Some companies fought for the right to be serviced in Baltic states. For that purpose they even provided audited financial reports to the banks in order to prove absolute legality of their operations. The fuss around "non-American American" companies settled down. Survivors continued to work.
But relatively recently there was a new wave. In 2010, Obama signed a new law: Hiring Incentives to Restore Employment Act of 2010. The law itself is rather benevolent towards taxpayers - it stipulated tax exemptions for employers who hired unemployed or partly employed. Employers would also be exonerated of paying social security fees for such employees, but it would not affect their pension plans.
Beautiful. But what does it have to do with American companies in Baltic banks?
As a part of this law, in 2010, another regulatory act - Foreign Account Tax Compliance Act (FATCA) - came into force. This one is exactly about the struggle of the U.S. authorities against tax avoidance by those American taxpayers who keep their savings on the offshore accounts, as it is explained in an annotation to the law on the IRS website. According to this law, American taxpayers who keep financial assets abroad, would now be obliged to submit a new form along with annual tax declaration. Apart from that, FATCA would oblige foreign credit institutions to provide certain information related to the accounts of American taxpayers or foreign companies, in which American taxpayers hold a significant stake. The new tax regime would oblige beginning with January 1st, 2013. Foreign institutions had to sign a new agreement with IRS in 2012.

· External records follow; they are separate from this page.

Lemma scalar_sigma_twisted (sigma : E -> E) (wF : F) :
  (forall (c : F) x, sigma (c *: x) = c *: sigma x) -> wF != 0 -> OF v wF ->
  sigma_twisted OE sigma wF%:A wF^-1%:A.
Proof.
move=> sigmaZ wF0 OwF; have [U wFV] := algV E wF0.
split => [||z|c]; rewrite ?wFV //; first exact: OEZ OE1.
  by rewrite mulr_algl sigmaZ mulr_algr.
by rewrite mulr_algl mulr_algr scalerA mulVf ?scale1r.
Qed.

Section Involution.
Variable sigma : E -> E.
Hypothesis sigmaD : forall x y, sigma (x + y) = sigma x + sigma y.
Hypothesis sigmaZ : forall (c : F) x, sigma (c *: x) = c *: sigma x.
Hypothesis sigmaM : forall x y, sigma (x * y) = sigma y * sigma x.
Hypothesis sigma1 : sigma 1 = 1.
Hypothesis sigmaK : forall x, sigma (sigma x) = x.
Hypothesis trace_scalar : forall x, exists t : F, x + sigma x = t%:A.

Lemma sigmaX x k : sigma (x ^+ k) = sigma x ^+ k.
Proof. by elim: k => [|k IH]; rewrite ?expr0 // exprSr sigmaM IH -exprS. Qed.

(* The trace t = x + sigma x is integral: the powers t^k are sums of products
   x^i sigma(x)^(k-i), whose coordinates are uniformly bounded. *)
Lemma sigma_OE x : OE x -> OE (sigma x).
Proof.
move=> Ox; have [t Ht] := trace_scalar x.
have -> : sigma x = t%:A - x by rewrite -Ht addrC addKr.
apply: OEB => //; apply: OEZ OE1.
have [->|t0] := eqVneq t 0; [by left | right].
have [C0 HC0] := OE_coord_vge.
have [Cs HCs] := coord_vge_additive vM vD sigmaD sigmaZ.
have [Cm HCm] := coord_vge_mul vM vD E.
apply: (val_ge0_of_bounded_powers vM (E := E) (C := C0 + (C0 + Cs) + Cm)) => // k.
have cx : GRing.comm x (sigma x).
  by rewrite /GRing.comm -[sigma x](addKr x) Ht mulrDr mulrDl mulr_algl mulr_algr mulrN mulNr.
rewrite algX -Ht exprDn_comm //.
apply: (coord_vge_sum vD) => i p; rewrite linearMn; apply: (vge_natmul vD).
apply: HCm; first by apply/HC0/OEX.
by rewrite -sigmaX; apply/HCs/HC0/OEX.
Qed.

Lemma sigma_unit x : x \is a GRing.unit ->
  sigma x \is a GRing.unit /\ (sigma x)^-1 = sigma x^-1.
Proof.
move=> U.
have sxV : sigma x * sigma x^-1 = 1 by rewrite -sigmaM mulVr.
have sVx : sigma x^-1 * sigma x = 1 by rewrite -sigmaM mulrV.
have U' : sigma x \is a GRing.unit by apply/unitrP; exists (sigma x^-1).
by split => //; apply: (mulrI U'); rewrite mulrV.
Qed.

Lemma sigma_OE_unit x : OE_unit OE x -> OE_unit OE (sigma x).
Proof.
move=> [Ox [U Oi]]; have [U' sxV] := sigma_unit U.
by split; [exact: sigma_OE | split => //; rewrite sxV; exact: sigma_OE].
Qed.

Lemma sigma_OE_nonunit x :
  OE x /\ ~ OE_unit OE x -> OE (sigma x) /\ ~ OE_unit OE (sigma x).
Proof. by move=> [Ox Nx]; split; [exact: sigma_OE | move/sigma_OE_unit; rewrite sigmaK]. Qed.

Variables (w : E) (wF : F).
Hypothesis wF_unif : uniformiserF v wF.
Hypothesis E_division : is_division_ring E.
Hypothesis w_unif : uniformiserE OE w.

Lemma uniformiser_neq0 : w != 0.
Proof.
apply/negP => /eqP w0; have [wF0 vwF] := wF_unif.
have OwF : OE wF%:A by apply: OEZ OE1; right; rewrite vwF.
have [UwF|NUwF] := classic (OE_unit OE wF%:A); last first.
  have [b [_]] := (w_unif.2 _).1 (conj OwF NUwF).
  by rewrite w0 mul0r => /eqP; rewrite scaler_eq0 oner_eq0 orbF (negbTE wF0).
have [_ [_]] := UwF; rewrite (algV E wF0).2 => /(OE_scalar_val_ge0 (invr_neq0 wF0)).
by have := vM wF0 (invr_neq0 wF0); rewrite mulfV // (val1 vM) vwF; lia.
Qed.

Lemma uniformiser_unit : w \is a GRing.unit.
Proof. exact: E_division uniformiser_neq0. Qed.

(* Both w a and sigma(a) sigma(w) range over the non-units of O_E, which are
   stable under sigma. *)
Lemma w_OE_sub_OE_sigma_w a : OE a -> exists b, OE b /\ w * a = b * sigma w.
Proof.
move=> Oa; have /(w_unif.2 _) NUwa : exists b, OE b /\ w * a = w * b by exists a.
have [c [Oc Ec]] := (w_unif.2 _).1 (sigma_OE_nonunit NUwa).
by exists (sigma c); split; [exact: sigma_OE | rewrite -sigmaM -Ec sigmaK].
Qed.

Lemma OE_sigma_w_sub_w_OE b : OE b -> exists a, OE a /\ b * sigma w = w * a.
Proof.
move=> Ob; have /(w_unif.2 _) NUwb : exists a, OE a /\ w * sigma b = w * a.
  by exists (sigma b); split; [exact: sigma_OE|].
have [c [Oc Ec]] := (w_unif.2 _).1 (sigma_OE_nonunit NUwb).
by exists c; split => //; rewrite -Ec sigmaM sigmaK.
Qed.

Lemma uniformiser_sigma_twisted : sigma_twisted OE sigma w (sigma w^-1).
Proof.
have Uw := uniformiser_unit; have [Usw swV] := sigma_unit Uw.
split => //; first by case: w_unif.
move=> c; rewrite -swV; split => Oc.
  have [a [Oa Ea]] := OE_sigma_w_sub_w_OE Oc.
  by move: Ea; rewrite divrK // => /(mulrI Uw) ->.
by have [b [Ob ->]] := w_OE_sub_OE_sigma_w Oc; rewrite mulrK.
Qed.

End Involution.

End Order.

Section QuadraticExtension.
Variables (F : fieldType) (E : falgType F) (sigma : E -> E).
Hypothesis E_dim2 : \dim {:E} = 2%N.
Hypothesis E_comm : is_commutative E.
Hypothesis E_division : is_division_ring E.
Hypothesis sigma_aut : ring_automorphism_over_F sigma.
Hypothesis sigma_nontrivial : exists x, sigma x != x.

Let sigmaD : forall x y, sigma (x + y) = sigma x + sigma y.
Proof. by case: sigma_aut. Qed.

Let sigma_alg (c : F) : sigma c%:A = c%:A.
Proof. by case: sigma_aut => _ _ sZ s1 _; rewrite sZ s1. Qed.

Let sigmaN x : sigma (- x) = - sigma x.
Proof.
apply: (addrI (sigma x)); rewrite -sigmaD !subrr.
by rewrite -(scale0r (1%R : E)) sigma_alg.
Qed.

Lemma quadratic_basis (a : E) : a \notin <[(1%R : E)]>%VS ->
  forall z : E, exists r s : F, z = r *: a + s%:A.
Proof.
move=> a_nF z.
have fr : free [:: a; (1%R : E)] by rewrite free_cons span_seq1 a_nF seq1_free oner_neq0.
have : z \in <<[:: a; (1%R : E)]>>%VS.
  suff -> : (<<[:: a; (1%R : E)]>> = fullv)%VS by rewrite memvf.
  by apply/eqP; rewrite eqEdim subvf /= (eqnP fr) E_dim2.
rewrite span_cons span_seq1 => /memv_addP [_ /vlineP [r ->] [_ /vlineP [s ->] ->]].
by exists r, s.
Qed.

(* With sigma a != a and a^2 = q a + p, the conjugate sigma a is the other
   root of X^2 - q X - p, so a + sigma a = q. *)
Lemma quadratic_sigma_trace :
  (forall x, sigma (sigma x) = x) /\ (forall x, exists t : F, x + sigma x = t%:A).
Proof.
have [_ sigmaM sigmaZ _ _] := sigma_aut.
have [a sa_a] := sigma_nontrivial.
have a_nF : a \notin <[(1%R : E)]>%VS.
  by apply: contra sa_a => /vlineP [k ->]; rewrite sigma_alg.
have dec := quadratic_basis a_nF.
have [q [p a2]] := dec (a * a).
set b := sigma a.
have b2 : b * b = q *: b + p%:A by rewrite /b -sigmaM a2 sigmaD sigmaZ sigma_alg.
have ba : b + a = q%:A.
  have /E_division Uba : b - a != 0 by rewrite subr_eq0.
  apply: (mulrI Uba); rewrite mulrDr !mulrBl (E_comm a b) b2 a2 !mulr_algr.
  by rewrite addrA subrK opprD addrACA subrr addr0.
have sb : sigma b = a.
  by rewrite -[b](addrK a) ba sigmaD sigmaN sigma_alg -ba addrAC subrr add0r.
split => z; have [r [s ->]] := dec z.
  by rewrite sigmaD sigmaZ sigma_alg sigmaD sigmaZ sb sigma_alg.
exists (r * q + s + s).
by rewrite sigmaD sigmaZ sigma_alg addrACA -scalerDr -/b [a + b]addrC ba scalerA !scalerDl addrA.
Qed.

End QuadraticExtension.

Section AdmissibleInvolutions.
Variables (F : fieldType) (E : falgType F).

Lemma standard_involution_trace (sigma : E -> E) : standard_involution sigma ->
  forall x, exists t : F, x + sigma x = t%:A.
Proof.
move=> [[sigmaD _ _ sigma1 _] norm] x.
have [n0 En0] := norm x; have [n1 En1] := norm (x + 1).
exists (n1 - n0 - 1); apply/eqP.
rewrite eq_sym !scalerBl scale1r !subr_eq -En1 sigmaD sigma1 mulrDl !mulrDr En0 !mulr1 mul1r.
by rewrite [X in _ == X]addrC !addrA.
Qed.

Lemma admissible_sigma_linear (c : Ecase) (sigma : E -> E) : admissible c sigma ->
  (forall x y, sigma (x + y) = sigma x + sigma y) /\
  (forall (a : F) x, sigma (a *: x) = a *: sigma x).
Proof.
case: c => /=.
- by move=> [_ H]; split => *; rewrite !H.
- by move=> [_ _ _ [H1 _ H3 _ _] _].
- move=> [_ [phi [/bij_inj inj phiD phiM phi_alg phi_swap]]]; split.
    by move=> x y; apply: inj; rewrite phiD !phi_swap phiD.
  move=> a x; apply: inj.
  by rewrite -mulr_algl phi_swap phiM phi_alg -mulr_algl phiM phi_alg phi_swap.
- by move=> [_ _ _ [[H1 _ H3 _ _] _]].
Qed.

Lemma ramified_admissible (OE : E -> Prop) (wF : F) (c : Ecase) (sigma : E -> E) :
  (c = CaseQuadField /\ ramified OE wF) \/ c = CaseQuaternion -> admissible c sigma ->
  [/\ is_division_ring E, (forall x y, sigma (x * y) = sigma y * sigma x), sigma 1 = 1,
      (forall x, sigma (sigma x) = x) & (forall x, exists t : F, x + sigma x = t%:A)].
Proof.
move=> [[-> _]|->] /=.
  move=> [E_dim2 E_comm E_division sigma_aut sigma_nontrivial].
  have [sigmaK trace] := quadratic_sigma_trace E_dim2 E_comm E_division sigma_aut sigma_nontrivial.
  have [_ sigmaM _ sigma1 _] := sigma_aut.
  by split => // x y; rewrite sigmaM E_comm.
move=> [_ E_division _ std]; have trace := standard_involution_trace std.
by have [[_ sigmaM _ sigma1 sigmaK] _] := std.
Qed.

End AdmissibleInvolutions.

Section FSpan.
Variables (F : fieldType) (E : falgType F) (V : lmodType E).
Implicit Types (M : V -> Prop) (x : V).

Lemma Fspan_id M x : M x -> Fspan M x.
Proof. by move=> Mx; exists 1%N, (fun _ => 1), (fun _ => x); rewrite big_ord1 !scale1r. Qed.

Lemma Fspan0 M : Fspan M 0.
Proof. by exists 0%N, (fun _ => 0), (fun _ => 0); rewrite big_ord0; split=> // -[]. Qed.

Lemma FspanD M x y : Fspan M x -> Fspan M y -> Fspan M (x + y).
Proof.
move=> [n1 [c1 [m1 [H1 ->]]]] [n2 [c2 [m2 [H2 ->]]]].
exists (n1 + n2)%N, (fun i => match split i with inl a => c1 a | inr b => c2 b end),
  (fun i => match split i with inl a => m1 a | inr b => m2 b end).
split; first by move=> i; case: (split i).
rewrite big_split_ord /=; congr (_ + _); apply: eq_bigr => i _.
  by rewrite (unsplitK (inl _ i)).
by rewrite (unsplitK (inr _ i)).
Qed.

Lemma Fspan_sub M1 M2 x : (forall m, M1 m -> M2 m) -> Fspan M1 x -> Fspan M2 x.
Proof. by move=> H [n [c [m [Hm ->]]]]; exists n, c, m; split => // l; apply: H. Qed.

Lemma FspanZ M (a : E) x :
  (forall m, M m -> Fspan M (a *: m)) -> Fspan M x -> Fspan M (a *: x).
Proof.
move=> Ha [n [c [m [Hm ->]]]]; rewrite scaler_sumr.
elim/big_rec: _ => [|l z _ Hz]; first exact: Fspan0.
apply: FspanD => //; have [n' [c' [m' [Hm' Eam]]]] := Ha _ (Hm l).
exists n', (fun k => c l * c' k), m'; split => //.
rewrite scalerA mulr_algr -mulr_algl -scalerA Eam scaler_sumr.
by apply: eq_bigr => k _; rewrite scalerA mulr_algl scalerA.
Qed.

End FSpan.

Section HermitianForm.
Variables (F : fieldType) (E : falgType F) (V : lmodType E).
Variables (h : V -> V -> E) (sigma : E -> E) (eps : F).
Hypothesis h_herm : sigma_eps_hermitian sigma eps h.
Hypothesis sigmaD : forall x y, sigma (x + y) = sigma x + sigma y.

Lemma hermDl x y z : h (x + y) z = h x z + h y z. Proof. by case: h_herm. Qed.
Lemma hermZl a x y : h (a *: x) y = a * h x y. Proof. by case: h_herm. Qed.
Lemma herm_sym x y : h x y = eps%:A * sigma (h y x). Proof. by case: h_herm. Qed.

Lemma sigma0 : sigma 0 = 0.
Proof. by apply: (addrI (sigma 0)); rewrite -sigmaD !addr0. Qed.

Lemma herm0l y : h 0 y = 0.
Proof. by rewrite -(scale0r 0) hermZl mul0r. Qed.

Lemma hermBl x z y : h (x - z) y = h x y - h z y.
Proof. by rewrite hermDl -scaleN1r hermZl mulN1r. Qed.

Lemma herm_suml n (f : 'I_n -> V) y : h (\sum_(i < n) f i) y = \sum_(i < n) h (f i) y.
Proof. by elim/big_rec2: _ => [|i a b _ <-]; rewrite ?herm0l ?hermDl. Qed.

Lemma herm0r x : h x 0 = 0.
Proof. by rewrite herm_sym herm0l sigma0 mulr0. Qed.

Lemma hermDr x y z : h x (y + z) = h x y + h x z.
Proof. by rewrite herm_sym hermDl sigmaD mulrDr -!herm_sym. Qed.

Lemma herm_sumr n (f : 'I_n -> V) y : h y (\sum_(i < n) f i) = \sum_(i < n) h y (f i).
Proof. by elim/big_rec2: _ => [|i a b _ <-]; rewrite ?herm0r ?hermDr. Qed.

Lemma herm_eq0_sym x y : h x y = 0 -> h y x = 0.
Proof. by move=> H; rewrite herm_sym H sigma0 mulr0. Qed.

Lemma Fspan_herm_eq0 (M1 M2 : V -> Prop) x y :
  (forall x y, M1 x -> M2 y -> h x y = 0) -> Fspan M1 x -> M2 y -> h x y = 0.
Proof.
move=> orth [n [c [m [Hm ->]]]] M2y; rewrite herm_suml big1 // => i _.
by rewrite hermZl orth ?mulr0.
Qed.

End HermitianForm.

(* A Jordan splitting whose components are only asked to be stable under the
   powers of w, not under O_E; this is all the argument uses. *)
Definition weak_jordan_splitting (F : fieldType) (E : falgType F) (V : lmodType E)
    (OE : E -> Prop) (w : E) (h : V -> V -> E) (P : V -> Prop) (M : nat -> V -> Prop)
    (K : nat) : Prop :=
  [/\ (forall k, (k <= K)%N -> M k 0),
      (forall k m n, (k <= K)%N -> M k m -> M k (w ^+ n *: m)),
      (forall x, P x <-> dsum M K x),
      (forall k l x y, (k <= K)%N -> (l <= K)%N -> k != l -> M k x -> M l y -> h x y = 0)
    & (forall k, (k <= K)%N -> forall u,
         dual_lattice OE h (M k) u <-> exists m, M k m /\ u = (w ^+ k)^-1 *: m)].

Section WeakJordanSplitting.
Variables (F : fieldType) (E : falgType F) (V : lmodType E).
Variables (OE : E -> Prop) (w : E) (h : V -> V -> E) (sigma : E -> E) (eps : F).
Variables (P : V -> Prop) (M : nat -> V -> Prop) (K : nat).
Hypothesis OE0 : OE 0.
Hypothesis OED : forall x y, OE x -> OE y -> OE (x + y).
Hypothesis w_unit : w \is a GRing.unit.
Hypothesis h_herm : sigma_eps_hermitian sigma eps h.
Hypothesis sigmaD : forall x y, sigma (x + y) = sigma x + sigma y.
Hypothesis h_nondeg : nondegenerate_form h.
Hypothesis P_span : forall x, Fspan P x.
Hypothesis M_split : weak_jordan_splitting OE w h P M K.

Let M0 k : (k <= K)%N -> M k 0. Proof. by case: M_split => H _ _ _ _; apply: H. Qed.

Let MwX k m n : (k <= K)%N -> M k m -> M k (w ^+ n *: m).
Proof. by case: M_split => _ H _ _ _; apply: H. Qed.

Let P_dsum x : P x <-> dsum M K x. Proof. by case: M_split => _ _ H _ _; apply: H. Qed.

Let M_orth k l x y : (k <= K)%N -> (l <= K)%N -> k != l -> M k x -> M l y -> h x y = 0.
Proof. by case: M_split => _ _ _ H _; apply: H. Qed.

Let M_dual k u : (k <= K)%N ->
  dual_lattice OE h (M k) u <-> exists m, M k m /\ u = (w ^+ k)^-1 *: m.
Proof. by case: M_split => _ _ _ _ H /H. Qed.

According to the new agreement, foreign institutions have to:
a) comply with due diligence and client identification standards b) prepare annual reports on American taxpayers c) withhold tax at 30%-rate on payments related to income in the U.S., as well as sale of American securities, and transferred to i) a non-cooperating foreign bank; ii) a private person who did not provide enough information to determine whether she or he is an American citizen; iii) a legal person that did not provide enough information to determine whether it has American citizens among its shareholders. Withheld tax is transferred to the U.S. budget.

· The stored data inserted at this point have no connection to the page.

Lemma binom_coef_diag n : C n n = 1.
Proof. unfold C. rewrite Nat.sub_diag. simpl. field. apply INR_fact_neq_0. Qed.

Lemma binom_pmf_out n q k : (n < k)%nat -> binom_pmf n q k = 0.
Proof. intro H. unfold binom_pmf. replace (Nat.leb k n) with false; auto. symmetry; apply Nat.leb_gt; auto. Qed.

Lemma binom_pmf_nonneg n q k : 0 <= q <= 1 -> 0 <= binom_pmf n q k.
Proof.
  intro Hq. unfold binom_pmf. destruct (Nat.leb k n); [|lra].
  repeat apply Rmult_le_pos; try (apply pow_le; lra).
  - apply pos_INR.
  - left. apply Rinv_0_lt_compat. rewrite <- mult_INR. apply lt_0_INR.
    pose proof (Factorial.lt_O_fact k). pose proof (Factorial.lt_O_fact (n - k)). lia.
Qed.

(* Pascal's rule for the binomial weights: the last trial fails or succeeds. *)
Lemma binom_pmf_S0 n q : binom_pmf (S n) q 0 = (1 - q) * binom_pmf n q 0.
Proof. unfold binom_pmf. simpl Nat.leb. rewrite !binom_coef_0, !Nat.sub_0_r. simpl. ring. Qed.

Lemma binom_pmf_SS n q k :
  binom_pmf (S n) q (S k) = (1 - q) * binom_pmf n q (S k) + q * binom_pmf n q k.
Proof.
  destruct (lt_eq_lt_dec k n) as [[Hlt|Heq]|Hgt].
  - unfold binom_pmf.
    replace (Nat.leb (S k) (S n)) with true by (symmetry; apply Nat.leb_le; lia).
    replace (Nat.leb (S k) n) with true by (symmetry; apply Nat.leb_le; lia).
    replace (Nat.leb k n) with true by (symmetry; apply Nat.leb_le; lia).
    rewrite <- pascal by auto.
    replace (S n - S k)%nat with (n - k)%nat by lia.
    replace (n - k)%nat with (S (n - S k)) by lia. simpl. ring.
  - subst k. rewrite (binom_pmf_out n q (S n)) by lia. unfold binom_pmf.
    rewrite !Nat.leb_refl, !Nat.sub_diag, !binom_coef_diag. simpl. ring.
  - rewrite !binom_pmf_out by lia. ring.
Qed.

Definition binomExp (q : R) (n : nat) (F : nat -> R) : R :=
  sum_f_R0 (fun k => binom_pmf n q k * F k) n.

Lemma binomExp_S q n F :
  binomExp q (S n) F = (1 - q) * binomExp q n F + q * binomExp q n (fun k => F (S k)).
Proof.
  unfold binomExp. rewrite decomp_sum by lia. simpl Init.Nat.pred. rewrite binom_pmf_S0.
  transitivity ((1 - q) * binom_pmf n q 0 * F 0%nat +
     sum_f_R0 (fun i => (1 - q) * (binom_pmf n q (S i) * F (S i)) + q * (binom_pmf n q i * F (S i))) n).
  - f_equal. apply sum_eq. intros i _. rewrite binom_pmf_SS. ring.
  - rewrite sum_plus, !sum_scal_l.
    destruct n as [|n].
    + simpl. rewrite (binom_pmf_out 0 q 1) by lia. ring.
    + rewrite (decomp_sum (fun k => binom_pmf (S n) q k * F k) (S n)) by lia. simpl Init.Nat.pred.
      rewrite tech5, (binom_pmf_out (S n) q (S (S n))) by lia. ring.
Qed.

Lemma binomExp_plus q n F G : binomExp q n (fun k => F k + G k) = binomExp q n F + binomExp q n G.
Proof. unfold binomExp. rewrite <- sum_plus. apply sum_eq. intros; ring. Qed.

Lemma binomExp_scal q n c F : binomExp q n (fun k => c * F k) = c * binomExp q n F.
Proof. unfold binomExp. rewrite <- sum_scal_l. apply sum_eq. intros; ring. Qed.

Lemma binomExp_ext q n F G : (forall k, F k = G k) -> binomExp q n F = binomExp q n G.
Proof. intro H. unfold binomExp. apply sum_eq. intros; rewrite H; auto. Qed.

Lemma binomExp_one q n : binomExp q n (fun _ => 1) = 1.
Proof.
  induction n as [|n IH].
  - unfold binomExp, binom_pmf. simpl. rewrite binom_coef_0. ring.
  - rewrite binomExp_S, IH. ring.
Qed.

Lemma binomExp_mono q n F G : 0 <= q <= 1 ->
  (forall k, (k <= n)%nat -> F k <= G k) -> binomExp q n F <= binomExp q n G.
Proof.
  intros Hq H. apply sum_Rle. intros k Hk.
  apply Rmult_le_compat_l; [apply binom_pmf_nonneg|]; auto.
Qed.

Lemma binomExp_size_bias q n F :
  binomExp q (S n) (fun k => INR k * F k) = INR (S n) * q * binomExp q n (fun k => F (S k)).
Proof.
  revert F. induction n as [|n IH]; intro F.
  - rewrite binomExp_S. unfold binomExp, binom_pmf. simpl. rewrite binom_coef_0. simpl. ring.
  - rewrite binomExp_S, IH.
    rewrite (binomExp_ext q (S n) (fun k => INR (S k) * F (S k)) (fun k => INR k * F (S k) + F (S k)))
      by (intro k; rewrite S_INR; ring).
    rewrite binomExp_plus, (IH (fun k => F (S k))), (binomExp_S q n (fun k => F (S k))),
      (S_INR (S n)).
    ring.
Qed.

It might be possible to discuss with the bank whether LLC-type companies are American taxpayers (in fact, they are not, even if they are registered with IRS and have a Taxpayer Identification Number). Regarding LLCs, the tax transparency principle plays the major role, meaning that tax burden is being transferred from a company to its owners. It should be clear, though, that this principle works for actual partnerships only, i.e. enterprises, where a joint activity of partners take place. On the other hand, it will not take much effort for IRS to prove that vast majority of LLCs are fictional. Thus, LLCs ultimately flee the scene.